Kernels are GPU programs that operate on buffers.

Running a Kernel

{:ok, cmd_id} = ExCubecl.run_kernel(name, inputs, output, params \\ %{})
  • name — string kernel name (see below)
  • inputs — list of input buffer references
  • output — output buffer reference
  • params — optional map of kernel-specific parameters

Available Kernels

{:ok, kernels} = ExCubecl.kernels()
# ["elementwise_add", "elementwise_mul", "elementwise_sub",
#  "elementwise_div", "relu", "sigmoid", "tanh", "matmul",
#  "reduce_sum", "reduce_max", "reduce_min", "softmax",
#  "layer_norm", "conv2d", "transpose", "reshape",
# Phase 2 — video kernels
#  "yuv_to_rgb", "overlay_alpha", "video_mix", "gaussian_blur",
#  "bicubic_scale", "lut_apply", "chroma_key", "sharpen",
#  "brightness_contrast", "denoise", "video_crop",
#  # Phase 2 — audio kernels
#  "pcm_mix", "pcm_normalize", "biquad_filter", "fft_convolve",
#  "resample_linear", "dynamics_compress"

Element-wise Operations

{:ok, a} = ExCubecl.buffer([1.0, 2.0, 3.0], [3], :f32)
{:ok, b} = ExCubecl.buffer([4.0, 5.0, 6.0], [3], :f32)
{:ok, output} = ExCubecl.buffer([0.0, 0.0, 0.0], [3], :f32)

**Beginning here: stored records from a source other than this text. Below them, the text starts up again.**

(* Let $M$ be a real $N\times N$ matrix all of whose column sums $\sum_{i}M_{i,j}$ are equal, and let $\Gamma(M)=\max_j\sum_{i=1}^N|M_{i,j}|$. Then every decomposition $M=\sum_a c_a S_a$ with finitely many stochastic matrices $S_a$ and real coefficients $c_a$ satisfies $\sum_a|c_a|\ge\Gamma(M)$, and there exists such a decomposition with $\sum_a|c_a|=\Gamma(M)$.
   Context: A stochastic matrix is a real square matrix with nonnegative entries whose columns each sum to $1$. *)

From mathcomp Require Import all_boot all_order all_algebra.
From mathcomp Require Import reals.
Set Implicit Arguments. Unset Strict Implicit. Unset Printing Implicit Defensive.
Import Order.TTheory GRing.Theory Num.Theory.
Local Open Scope ring_scope.

Definition stochastic (R : realType) (N : nat) (S : 'M[R]_N) : Prop :=
  (forall i j, 0 <= S i j) /\ (forall j, \sum_(i < N) S i j = 1).

Definition equal_col_sums (R : realType) (N : nat) (M : 'M[R]_N) : Prop :=
  forall j j' : 'I_N, \sum_(i < N) M i j = \sum_(i < N) M i j'.

Definition Gamma (R : realType) (N : nat) (M : 'M[R]_N) : R :=
  \big[Num.max/0]_(j < N) \sum_(i < N) `|M i j|.

(* Lower bound: if M = \sum_a c_a S_a with every S_a stochastic, then for each
   column j the triangle inequality gives
     \sum_i |M_ij| <= \sum_a |c_a| \sum_i (S_a)_ij = \sum_a |c_a|,
   hence Gamma(M) <= \sum_a |c_a|.

   Upper bound: split M = P - Q into its entrywise positive and negative parts.
   Column j of P sums to p_j and of Q to q_j, with p_j - q_j = s and
   p_j + q_j <= Gamma(M).  Adding the same nonnegative amount
   r_j = (Gamma(M) - p_j - q_j) / 2 to row 0 of column j of both P and Q yields
   nonnegative matrices with constant column sums (Gamma(M) + s) / 2 and
   (Gamma(M) - s) / 2; rescaled, they are stochastic matrices A and B, and
   M = (Gamma(M) + s)/2 A - (Gamma(M) - s)/2 B has coefficient norm Gamma(M). *)

From mathcomp Require Import all_boot all_order all_algebra.
From mathcomp Require Import reals.
From mathcomp Require Import ring.
Set Implicit Arguments. Unset Strict Implicit. Unset Printing Implicit Defensive.
Import Order.TTheory GRing.Theory Num.Theory.
Local Open Scope ring_scope.

Section PositiveNegativeParts.
Variable R : realDomainType.
Implicit Types x : R.

Definition pos_part x : R := Num.max x 0.
Definition neg_part x : R := Num.max (- x) 0.

Lemma pos_part_ge0 x : 0 <= pos_part x.
Proof. by rewrite /pos_part le_max lexx orbT. Qed.

Lemma neg_part_ge0 x : 0 <= neg_part x.
Proof. by rewrite /neg_part le_max lexx orbT. Qed.

Lemma pos_sub_neg_part x : pos_part x - neg_part x = x.
Proof.
rewrite /pos_part /neg_part; case: (lerP 0 x) => hx.
- by rewrite max_r ?subr0 // oppr_le0.
- by rewrite max_l ?sub0r ?opprK // oppr_ge0 ltW.
Qed.

Lemma pos_add_neg_part x : pos_part x + neg_part x = `|x|.
Proof.
rewrite /pos_part /neg_part; case: (lerP 0 x) => hx.
- by rewrite max_r ?addr0 ?ger0_norm // oppr_le0.
- by rewrite max_l ?add0r ?ltr0_norm // oppr_ge0 ltW.
Qed.

End PositiveNegativeParts.

Section ColumnSums.
Variables (R : realType) (N : nat).
Implicit Types (M : 'M[R]_N) (j : 'I_N).

Definition col_sum M j : R := \sum_i M i j.

Lemma col_sumD M M' j : col_sum (M + M') j = col_sum M j + col_sum M' j.
Proof. by rewrite /col_sum -big_split; apply: eq_bigr => i _; rewrite mxE. Qed.

Lemma col_norm_le_Gamma M j : \sum_i `|M i j| <= Gamma M.
Proof. exact: (le_bigmax _ (fun j => \sum_i `|M i j|) j). Qed.

Lemma Gamma_le M x :
  0 <= x -> (forall j, \sum_i `|M i j| <= x) -> Gamma M <= x.
Proof. by move=> x_ge0 hcol; apply/bigmax_leP. Qed.

Lemma col_norm_combination_le k (c : 'I_k -> R) (S : 'I_k -> 'M[R]_N) j :
  (forall a, stochastic (S a)) ->
  \sum_i `|(\sum_(a < k) c a *: S a) i j| <= \sum_(a < k) `|c a|.
Proof.
move=> hS.
have entry_le i : `|(\sum_(a < k) c a *: S a) i j| <= \sum_a `|c a| * S a i j.
  rewrite summxE; apply: le_trans (ler_norm_sum _ _ _) _.
  by apply: ler_sum => a _; rewrite mxE normrM (ger0_norm ((hS a).1 i j)).
apply: le_trans (ler_sum _ (fun i _ => entry_le i)) _.
rewrite exchange_big /=; apply: ler_sum => a _.
by rewrite -mulr_sumr (hS a).2 mulr1.
Qed.

Lemma Gamma_combination_le k (c : 'I_k -> R) (S : 'I_k -> 'M[R]_N) :
  (forall a, stochastic (S a)) ->
  Gamma (\sum_(a < k) c a *: S a) <= \sum_(a < k) `|c a|.
Proof.
move=> hS; apply: Gamma_le; first by apply: sumr_ge0 => a _.
by move=> j; exact: col_norm_combination_le.
Qed.

End ColumnSums.

Section TwoTermDecomposition.
Variables (R : realType) (n : nat).
Implicit Types (M P : 'M[R]_n.+1) (r : 'I_n.+1 -> R).

Definition row0_mx r : 'M[R]_n.+1 := \matrix_(i, j) ((i == ord0)%:R * r j).

Lemma col_sum_row0_mx r j : col_sum (row0_mx r) j = r j.
Proof.
rewrite /col_sum (bigD1 ord0) //= big1 ?mxE ?eqxx ?mul1r ?addr0 //.
by move=> i /negPf i_neq0; rewrite mxE i_neq0 mul0r.
Qed.

Lemma row0_mx_ge0 r : (forall j, 0 <= r j) -> forall i j, 0 <= row0_mx r i j.
Proof. by move=> r_ge0 i j; rewrite mxE mulr_ge0 ?ler0n. Qed.

Lemma row0_mx_stochastic : stochastic (row0_mx (fun=> 1)).
Proof. by split; [exact: row0_mx_ge0 | move=> j; exact: col_sum_row0_mx]. Qed.

(* A nonnegative matrix whose columns all sum to t is t times a stochastic
   matrix (for t = 0 the matrix vanishes and any stochastic matrix works). *)
Lemma scaled_stochastic P t :
  (forall i j, 0 <= P i j) -> (forall j, col_sum P j = t) ->
  exists A, stochastic A /\ P = t *: A.
Proof.
move=> P_ge0 hcol; have [t0|t_neq0] := eqVneq t 0.
  exists (row0_mx (fun=> 1)); split; first exact: row0_mx_stochastic.
  rewrite t0 scale0r; apply/matrixP => i j; rewrite mxE.
  have col0 : \sum_k P k j = 0 by move: (hcol j); rewrite t0.
  exact: (psumr_eq0P (fun k _ => P_ge0 k j) col0).
have t_gt0 : 0 < t.
  by rewrite lt0r t_neq0 -(hcol ord0) sumr_ge0 // => i _.
exists (t^-1 *: P); split; last by rewrite scalerA divff // scale1r.
split=> [i j|j]; first by rewrite mxE mulr_ge0 // invr_ge0 ltW.
rewrite /col_sum; under eq_bigr do rewrite mxE.
by rewrite -mulr_sumr -/(col_sum P j) hcol mulVf.
Qed.

Lemma two_term_decomposition M : equal_col_sums M ->
  exists A B (al be : R), [/\ stochastic A, stochastic B, 0 <= al /\ 0 <= be,
    al + be = Gamma M & M = al *: A - be *: B].
Proof.
move=> heq; set G := Gamma M; set s := col_sum M ord0.
pose P := map_mx (@pos_part R) M; pose Q := map_mx (@neg_part R) M.
have P_ge0 i j : 0 <= P i j by rewrite mxE pos_part_ge0.
have Q_ge0 i j : 0 <= Q i j by rewrite mxE neg_part_ge0.
have sub_col j : col_sum P j - col_sum Q j = s.
  rewrite /s /col_sum (heq ord0 j) -sumrB.
  by apply: eq_bigr => i _; rewrite !mxE pos_sub_neg_part.
have add_col j : col_sum P j + col_sum Q j <= G.
  rewrite /col_sum -big_split /=.
  under eq_bigr do rewrite !mxE pos_add_neg_part.
  exact: col_norm_le_Gamma.
(* The common padding that raises the column sums of P and Q to al and be. *)
pose r j := (G - (col_sum P j + col_sum Q j)) / 2.
have r_ge0 j : 0 <= r j by rewrite divr_ge0 // subr_ge0.
pose al := (G + s) / 2; pose be := (G - s) / 2.
have colP j : col_sum (P + row0_mx r) j = al.
  by rewrite col_sumD col_sum_row0_mx /al -(sub_col j) /r; field.
have colQ j : col_sum (Q + row0_mx r) j = be.
  by rewrite col_sumD col_sum_row0_mx /be -(sub_col j) /r; field.
have padded_ge0 (X : 'M[R]_n.+1) : (forall i j, 0 <= X i j) ->
    forall i j, 0 <= (X + row0_mx r) i j.
  by move=> X_ge0 i j; rewrite mxE addr_ge0 ?row0_mx_ge0.
have [A [A_st eA]] := scaled_stochastic (padded_ge0 _ P_ge0) colP.
have [B [B_st eB]] := scaled_stochastic (padded_ge0 _ Q_ge0) colQ.
exists A, B, al, be; split=> //.
- split.
  + by rewrite -(colP ord0) sumr_ge0 // => i _; exact: padded_ge0.
  + by rewrite -(colQ ord0) sumr_ge0 // => i _; exact: padded_ge0.
- by rewrite /al /be; field.
- rewrite -eA -eB; apply/matrixP => i j.
  by rewrite !mxE opprD addrACA subrr addr0 pos_sub_neg_part.
Qed.

End TwoTermDecomposition.

Theorem mainTheorem4 (R : realType) (N : nat) (M : 'M[R]_N) :
  equal_col_sums M ->
  (forall (k : nat) (c : 'I_k -> R) (S : 'I_k -> 'M[R]_N),
      (forall a, stochastic (S a)) ->
      M = \sum_(a < k) c a *: S a ->
      Gamma M <= \sum_(a < k) `|c a|)
  /\
  (exists (k : nat) (c : 'I_k -> R) (S : 'I_k -> 'M[R]_N),
      (forall a, stochastic (S a)) /\
      M = \sum_(a < k) c a *: S a /\
      \sum_(a < k) `|c a| = Gamma M).
Proof.
move=> heq; split=> [k c S hS ->|]; first exact: Gamma_combination_le.
case: N M heq => [|n] M heq.
  exists 0%N, (fun=> 0), (fun=> 0); split; first by case.
  split; first by rewrite big_ord0; apply/matrixP => [[]].
  by rewrite big_ord0 /Gamma big_ord0.
have [A [B [al [be [A_st B_st [al_ge0 be_ge0] sumG eM]]]]] :=
  two_term_decomposition heq.
exists 2%N, (fun a => if a == ord0 then al else - be),
  (fun a => if a == ord0 then A else B).
split; first by move=> a; case: ifP.
rewrite !big_ord_recr !big_ord0 /= !add0r; split; first by rewrite eM scaleNr.
by rewrite normrN !ger0_norm.
Qed.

{:ok, _cmd} = ExCubecl.run_kernel("elementwise_add", [a, b], output)
{:ok, _cmd} = ExCubecl.run_kernel("elementwise_mul", [a, b], output)

Activation Functions

{:ok, input} = ExCubecl.buffer([-1.0, 0.0, 1.0], [3], :f32)
{:ok, output} = ExCubecl.buffer([0.0, 0.0, 0.0], [3], :f32)

{:ok, _cmd} = ExCubecl.run_kernel("relu", [input], output)
{:ok, _cmd} = ExCubecl.run_kernel("sigmoid", [input], output)
{:ok, _cmd} = ExCubecl.run_kernel("tanh", [input], output)

Reductions

{:ok, input} = ExCubecl.buffer([1.0, 5.0, 3.0, 2.0], [4], :f32)
{:ok, output} = ExCubecl.buffer([0.0], [1], :f32)

{:ok, _cmd} = ExCubecl.run_kernel("reduce_sum", [input], output)
{:ok, _cmd} = ExCubecl.run_kernel("reduce_max", [input], output)
{:ok, _cmd} = ExCubecl.run_kernel("reduce_min", [input], output)

Matrix Multiplication

# 2x3 matrix
{:ok, a} = ExCubecl.buffer([1.0, 2.0, 3.0, 4.0, 5.0, 6.0], [2, 3], :f32)
# 3x2 matrix
{:ok, b} = ExCubecl.buffer([7.0, 8.0, 9.0, 10.0, 11.0, 12.0], [3, 2], :f32)
# Output: 2x2 matrix
{:ok, output} = ExCubecl.buffer(List.duplicate(0.0, 4), [2, 2], :f32)

{:ok, _cmd} = ExCubecl.run_kernel("matmul", [a, b], output)

Convolution

# 1x3x3 input (batch=1, channels=1, 3x3 spatial)
{:ok, input} = ExCubecl.buffer([1.0, 2.0, 3.0, 4.0, 5.0, 6.0, 7.0, 8.0, 9.0],
                                [1, 1, 3, 3], :f32)
# 1x1x2x2 kernel
{:ok, kernel} = ExCubecl.buffer([1.0, 0.0, 0.0, -1.0], [1, 1, 2, 2], :f32)
{:ok, output} = ExCubecl.buffer(List.duplicate(0.0, 4), [1, 1, 2, 2], :f32)

{:ok, _cmd} = ExCubecl.run_kernel("conv2d", [input, kernel], output)

Shape Operations

{:ok, input} = ExCubecl.buffer([1.0, 2.0, 3.0, 4.0], [4], :f32)

# Reshape to 2x2
{:ok, output} = ExCubecl.buffer(List.duplicate(0.0, 4), [2, 2], :f32)
{:ok, _cmd} = ExCubecl.run_kernel("reshape", [input], output)

# Transpose
{:ok, transposed} = ExCubecl.buffer(List.duplicate(0.0, 4), [2, 2], :f32)
{:ok, _cmd} = ExCubecl.run_kernel("transpose", [output], transposed)

Custom Kernels (Phase 2+)

Custom CubeCL kernels can be registered at runtime. See the CubeCL documentation for kernel authoring.